/---

Lemma prefix_event_bigcup {T A} (dflt : nat -> C) : prefix_determined T A ->
  event A = \bigcup_(f in [set f : {ffun 'I_T -> C} | A (splice f dflt)])
              cylinder T (splice f dflt).
Proof.
move=> A_det; apply/seteqP; split => x /=.
  move=> Ax; exists [ffun i : 'I_T => Y i x].
    by apply: A_det Ax => t ltT; rewrite -[t]/(val (Ordinal ltT)) splice_ord ffunE.
  by move=> t ltT; rewrite -[t]/(val (Ordinal ltT)) splice_ord ffunE.
by move=> [f Af cyl_x]; apply: A_det Af => t ltT; rewrite cyl_x.
Qed.

Lemma prefix_event_measurable {T A} : prefix_determined T A -> measurable (event A).
Proof.
move=> A_det; have [->|/set0P[x _]] := eqVneq (event A) set0.
  exact: measurable0.
rewrite (prefix_event_bigcup (fun t => Y t x) A_det).
apply: fin_bigcup_measurable; first exact: finite_finset.
by move=> f _; exact: cylinder_measurable.
Qed.

Lemma measure_prefix_eventI {T A} (dflt : nat -> C) {B : set Omega} :
  prefix_determined T A -> measurable B ->
  P (event A `&` B) = (\sum_(f \in [set f : {ffun 'I_T -> C} | A (splice f dflt)])
                         P (cylinder T (splice f dflt) `&` B))%E.
Proof.
move=> A_det mB; rewrite (prefix_event_bigcup dflt A_det) setI_bigcupl.
apply: measure_fin_bigcup; first exact: finite_finset.
  move=> f g _ _ [x [[f_x _] [g_x _]]]; apply/ffunP => i.
  by rewrite -(splice_ord f dflt) -(splice_ord g dflt) -f_x ?ltn_ord // g_x.
by move=> f _; apply: measurableI => //; exact: cylinder_measurable.
Qed.

(* The tail of the splice is the pattern itself, so the cylinder of length
   T + K absorbs the occurrence of the pattern at T. *)
Lemma cylinder_spliceI_occurs_at T K pat (f : {ffun 'I_T -> C}) :
  let dflt t := pat (t - T)%N in
  cylinder T (splice f dflt) `&` event (occurs_at pat K T)
  = cylinder (T + K) (splice f dflt).
Proof.
move=> dflt; apply/seteqP; split => x /=.
  move=> [cyl_x occ_x] t ltTK; have [ltT|leTt] := ltnP t T; first exact: cyl_x.
  rewrite splice_ge // /dflt -(subnKC leTt) occ_x ?addKn //.
  by rewrite -(ltn_add2l T) subnKC.
move=> cyl_x; split=> [t ltT|s ltK]; first by apply: cyl_x; apply: ltn_addr.
by rewrite cyl_x ?ltn_add2l // splice_ge ?leq_addr // /dflt addKn.
Qed.

Lemma measure_prefix_eventI_occurs_at {T A} K pat : prefix_determined T A ->
  P (event A `&` event (occurs_at pat K T))
  = ((\prod_(s < K) w (pat s))%:E * P (event A))%E.
Proof.
move=> A_det; set dflt := fun t => pat (t - T)%N.
have m_occ := prefix_event_measurable (occurs_at_prefix_determined pat K T).
rewrite (measure_prefix_eventI dflt A_det m_occ).
rewrite -[in RHS](setIT (event A)) (measure_prefix_eventI dflt A_det measurableT).
rewrite ge0_mule_fsumr; last by move=> f; exact: measure_ge0.
apply: eq_fsbigr => f _; rewrite setIT cylinder_spliceI_occurs_at.
rewrite !P_cylinder big_split_ord -EFinM mulrC; congr (_ * _)%:E.
by apply: eq_bigr => s _; rewrite splice_ge ?leq_addr // /dflt addKn.
Qed.

Section Blocks.
Variables (pat : nat -> C) (K t0 : nat).
Let p := \prod_(s < K) w (pat s).

Lemma measure_no_occurrence_before M :
  P (event (no_occurrence_before pat K t0 M)) = ((1 - p) ^+ M)%:E.
Proof.
elim: M => [|M IH].
  rewrite expr0 -(probability_setT P); congr (P _).
  by apply/seteqP; split => x //= _ n.
have M_det := no_occurrence_before_prefix_determined pat K t0 M.
have -> : event (no_occurrence_before pat K t0 M.+1) =
    event (no_occurrence_before pat K t0 M) `\` event (occurs_at pat K (t0 + M * K)).
  apply/seteqP; split => x /=.
    by move=> no_x; split; [move=> n /ltnW; apply: no_x | apply: no_x].
  by move=> [no_x occ_x] n; rewrite ltnS leq_eqVlt => /predU1P[->|] //; apply: no_x.
have m_no := prefix_event_measurable M_det.
have m_occ := prefix_event_measurable (occurs_at_prefix_determined pat K (t0 + M * K)).
rewrite measureD //; last by rewrite (le_lt_trans (probability_le1 P m_no)) ?ltry.
transitivity (P (event (no_occurrence_before pat K t0 M))
              - p%:E * P (event (no_occurrence_before pat K t0 M)))%E.
  by congr (_ - _)%E; exact: measure_prefix_eventI_occurs_at.
by rewrite IH -EFinM -EFinB exprS; congr (_%:E); ring.
Qed.

Lemma never_occurs_measurable :
  measurable (event (fun ys => forall n, ~ occurs_at pat K (t0 + n * K) ys)).
Proof.
rewrite (_ : event _ = \bigcap_n ~` event (occurs_at pat K (t0 + n * K))).
  apply: bigcap_measurableType => n _; apply: measurableC.
  exact: prefix_event_measurable (occurs_at_prefix_determined _ _ _).
by apply/seteqP; split => [x never n _|x never n]; apply: never.
Qed.

Lemma measure_never_occurs : 0 < p ->
  P (event (fun ys => forall n, ~ occurs_at pat K (t0 + n * K) ys)) = 0%E.
Proof.
move=> p_gt0; have p_le1 : p <= 1.
  by rewrite -lee_fin -P_cylinder probability_le1 //; exact: cylinder_measurable.
have p_geom : 0 <= 1 - p < 1 by apply/andP; split; lra.
apply: (le_geometric_eq0 (measure_ge0 _ _) p_geom).
move=> M; rewrite -measure_no_occurrence_before le_measure ?inE //.
- exact: never_occurs_measurable.
- exact: prefix_event_measurable (no_occurrence_before_prefix_determined _ _ _ _).
- by move=> x /= never n _; apply: never.
Qed.
End Blocks.

End ProductLaw.

Section Dynamics.
Context {R : realType} {N : nat} (alpha : R).
Implicit Types (q : qstate R N) (cs : nat -> round_choice N).
Hypothesis alpha01 : 0 < alpha < 1.

Definition qtable_bounded q := forall k b, -1 <= q k b <= 1.

Lemma sgnb_mul_bound (a b : bool) : -1 <= @sgnb R a * @sgnb R b <= 1.
Proof.
by case: a; case: b; rewrite /sgnb ?mulr1 ?mulrN1 ?mulN1r ?opprK; apply/andP; split; lra.
Qed.

Lemma srlod_step_bounded q c :
  qtable_bounded q -> qtable_bounded (srlod_step alpha q c).
Proof.
move: c => [[[i j] fi] fj] q_bd k b /=.
have relax_bd x r : -1 <= x <= 1 -> -1 <= r <= 1 ->
    -1 <= (1 - alpha) * x + alpha * r <= 1.
  by case/andP: alpha01 => ? ? /andP[? ?] /andP[? ?]; apply/andP; split; nra.
by do 2?case: ifP => _; rewrite ?relax_bd ?sgnb_mul_bound ?q_bd.
Qed.

Lemma srlod_traj_bounded {q} cs t :
  qtable_bounded q -> qtable_bounded (srlod_traj alpha q cs t).
Proof. by move=> q_bd; elim: t => //= t IH; exact: srlod_step_bounded. Qed.

Lemma srlod_traj_ext q {cs cs' t} : (forall s, (s < t)%N -> cs s = cs' s) ->
  srlod_traj alpha q cs t = srlod_traj alpha q cs' t.
Proof.
elim: t => //= t IH cs_eq.
by rewrite IH ?cs_eq // => s /ltnW; exact: cs_eq.
Qed.

Lemma srlod_trajD q cs T s : srlod_traj alpha q cs (T + s) =
  srlod_traj alpha (srlod_traj alpha q cs T) (fun s => cs (T + s)%N) s.
Proof. by elim: s => [|s /= <-]; rewrite ?addn0 ?addnS. Qed.

Lemma consensus_prefix_determined q o t :
  prefix_determined t (fun cs => consensus o (srlod_traj alpha q cs t)).
Proof. by move=> cs cs' cs_eq; rewrite (srlod_traj_ext _ cs_eq). Qed.

Lemma consensus_expressed {o q} i f :
  consensus o q -> expressed q i f = f (+) o.
Proof.
move=> /(_ i) cons_i; rewrite /expressed /pref.
have -> : (q i false <= q i true) = o.
  by case: o cons_i => /= lt_qi; [rewrite ltW | rewrite leNgt lt_qi].
by case: f.
Qed.

Lemma sgnb_negbM (b : bool) : sgnb (~~ b) * sgnb b = -1 :> R.
Proof. by case: b; rewrite /sgnb ?mulN1r ?mulrN1. Qed.

Lemma sgnb_sqr (b : bool) : sgnb b * sgnb b = 1 :> R.
Proof. by case: b; rewrite /sgnb ?mulr1 ?mulrNN ?mulr1. Qed.

Lemma srlod_step_snd q (i j : 'I_N) fi fj b : i != j ->
  srlod_step alpha q (i, j, fi, fj) j b =
  if b == expressed q j fj then
    (1 - alpha) * q j b + alpha * (sgnb (expressed q i fi) * sgnb (expressed q j fj))
  else q j b.
Proof. by rewrite eq_sym => /negbTE ji /=; rewrite ji eqxx /=; case: eqP => [->|]. Qed.

Section Consensus.
Context {o : bool} {q : qstate R N} {i j : 'I_N}.
Hypotheses (cons_q : consensus o q) (ij : i != j).

Lemma consensus_step_contrarian :
  srlod_step alpha q (i, j, true, false) j o = (1 - alpha) * q j o - alpha /\
  srlod_step alpha q (i, j, true, false) j (~~ o) = q j (~~ o).
Proof.
rewrite !srlod_step_snd // !(consensus_expressed _ _ cons_q) /= eqxx.
have -> : (~~ o == o) = false by case: (o).
by rewrite sgnb_negbM mulrN1.
Qed.

Lemma consensus_step_explorers :
  srlod_step alpha q (i, j, true, true) j o = q j o /\
  1 - srlod_step alpha q (i, j, true, true) j (~~ o) = (1 - alpha) * (1 - q j (~~ o)).
Proof.
rewrite !srlod_step_snd // !(consensus_expressed _ _ cons_q) /= eqxx.
have -> : (o == ~~ o) = false by case: (o).
by rewrite sgnb_sqr; split => //; ring.
Qed.

End Consensus.

Definition break_pattern (i j : 'I_N) (s : nat) : round_choice N :=
  (i, j, true, s != 0%N).

Lemma consensus_break {q cs o} {i j : 'I_N} {m} :
  i != j -> qtable_bounded q -> (1 - alpha) ^+ m < alpha ->
  (forall s, (s <= m)%N -> cs s = break_pattern i j s) ->
  ~ (forall t, (t <= m.+1)%N -> consensus o (srlod_traj alpha q cs t)).
Proof.
move=> ij q_bd small pat_cs cons; pose qt := srlod_traj alpha q cs.
have qt_step t : qt t.+1 = srlod_step alpha (qt t) (cs t) by [].
have [qt1_o qt1_no] : qt 1 j o = (1 - alpha) * q j o - alpha /\
                      qt 1 j (~~ o) = q j (~~ o).
  rewrite qt_step pat_cs //.
  exact: consensus_step_contrarian (cons 0%N _) ij.
have run s : (s <= m)%N -> qt s.+1 j o = qt 1 j o /\
    1 - qt s.+1 j (~~ o) = (1 - alpha) ^+ s * (1 - qt 1 j (~~ o)).
  elim: s => [|s IH] le_sm; first by rewrite expr0 mul1r.
  have [<- IHno] := IH (ltnW le_sm).
  have -> : qt s.+2 = srlod_step alpha (qt s.+1) (i, j, true, true).
    by rewrite qt_step pat_cs.
  rewrite exprS -mulrA -IHno.
  exact: consensus_step_explorers (cons s.+1 (ltnW le_sm)) ij.
have [qtm_o qtm_no] := run m (leqnn m).
have := cons m.+1 (leqnn _) j; rewrite -/qt qtm_o qt1_o.
have /andP[? ?] := q_bd j o; have /andP[? ?] := q_bd j (~~ o).
have : 0 <= (1 - alpha) ^+ m by rewrite exprn_ge0 // subr_ge0 ltW //; case/andP: alpha01.
case/andP: alpha01; nra.
Qed.

Lemma consensus_forever_no_break {q cs o} {i j : 'I_N} {m t0} :
  i != j -> qtable_bounded q -> (1 - alpha) ^+ m < alpha ->
  (forall t, (t0 <= t)%N -> consensus o (srlod_traj alpha q cs t)) ->
  forall T, (t0 <= T)%N -> ~ occurs_at (break_pattern i j) m.+1 T cs.
Proof.
move=> ij q_bd small cons T le_t0T occ.
apply: (consensus_break ij (srlod_traj_bounded cs T q_bd) small).
  by move=> s le_sm; apply: occ.
by move=> t _; rewrite -srlod_trajD; apply: cons; apply: leq_trans (leq_addr _ _).
Qed.

End Dynamics.

Lemma edge_set_witness {N} {e : rel 'I_N} : (2 <= N)%N ->
  irreflexive e -> connected_graph e -> exists i j, (i, j) \in edge_set e.
Proof.
move=> N2 e_irr e_conn; pose i0 := Ordinal (ltnW N2).
have [[|x p] /= path_i0 last_i0] := connectP (e_conn i0 (Ordinal N2)).
  by move/(congr1 val): last_i0.
case/andP: path_i0 => e_i0x _; exists i0, x; rewrite inE /= e_i0x andbT lt0n.
apply/eqP => x0; have x_i0 : x = i0 by exact: val_inj.
by move: e_i0x; rewrite x_i0 e_irr.
Qed.

Lemma edge_set_neq {N} {e : rel 'I_N} {i j} : (i, j) \in edge_set e -> i != j.
Proof. by rewrite inE /= => /andP[lt_ij _]; rewrite neq_ltn lt_ij. Qed.

Lemma choice_prob_gt0 {R : realFieldType} {N} {e : rel 'I_N} {eps : R} {i j} fi fj :
  0 < eps < 1 -> (i, j) \in edge_set e -> 0 < choice_prob e eps (i, j, fi, fj).
Proof.
move=> /andP[eps_gt0 eps_lt1] ij_edge; rewrite /choice_prob ij_edge.
have card_gt0 : (0 < #|edge_set e|)%N by apply/card_gt0P; exists (i, j).
by rewrite !mulr_gt0 ?invr_gt0 ?ltr0n //; case: (fi); case: (fj); rewrite ?subr_gt0.
Qed.

Theorem lemma3 (R : realType) (N : nat) (e : rel 'I_N) (alpha eps : R)
  (d : measure_display) (Omega : measurableType d) (P : probability Omega R)
  (Y : nat -> Omega -> round_choice N) (q0 : qstate R N) (o : bool) (t0 : nat) :
  (2 <= N)%N ->
  simple_graph e -> connected_graph e ->
  0 < alpha < 1 -> 0 < eps < 1 ->
  (forall i b, -1 <= q0 i b <= 1) ->
  (forall t c, measurable [set w | Y t w = c]) ->
  (forall (T : nat) (cs : nat -> round_choice N),
      P [set w | forall t, (t < T)%N -> Y t w = cs t]
      = (\prod_(t < T) choice_prob e eps (cs t))%:E) ->
  P [set w | forall t, (t0 <= t)%N ->
               consensus o (srlod_traj alpha q0 (fun s => Y s w) t)] = 0%E.
Proof.
move=> N2 [_ e_irr] e_conn alpha01 eps01 q0_bd Y_meas P_cyl.
have [i [j ij_edge]] := edge_set_witness N2 e_irr e_conn.
have [m small] : exists m, (1 - alpha) ^+ m < alpha.
  by case/andP: alpha01 => ? ?; apply: exists_expr_lt => //; apply/andP; split; lra.
apply: (subset_measure0 _ (never_occurs_measurable Y Y_meas (break_pattern i j) m.+1 t0)).
- rewrite (_ : [set w | _] = \bigcap_(t in [set t | (t0 <= t)%N])
      event Y (fun ys => consensus o (srlod_traj alpha q0 ys t))).
    apply: bigcap_measurableType => t _.
    exact: prefix_event_measurable Y Y_meas _ _ (consensus_prefix_determined _ _ _ _).
  by apply/seteqP; split => x cons_x t le_t0t; apply: cons_x.
- move=> x cons_x n.
  apply: (consensus_forever_no_break _ alpha01 (edge_set_neq ij_edge) q0_bd small cons_x).
  exact: leq_addr.
- apply: (measure_never_occurs P Y _ Y_meas P_cyl) => //.
  by apply: prodr_gt0 => s _; exact: choice_prob_gt0.
Qed.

\---

_DIRECTIONS_:
With the line that has "have qt_step t" as the first and the line that has "have run s : (s" as the last, repeat exactly that run of lines above and no more.

_EXERCISE OUTPUT_:
have qt_step t : qt t.+1 = srlod_step alpha (qt t) (cs t) by [].
have [qt1_o qt1_no] : qt 1 j o = (1 - alpha) * q j o - alpha /\
                      qt 1 j (~~ o) = q j (~~ o).
  rewrite qt_step pat_cs //.
  exact: consensus_step_contrarian (cons 0%N _) ij.
have run s : (s <= m)%N -> qt s.+1 j o = qt 1 j o /\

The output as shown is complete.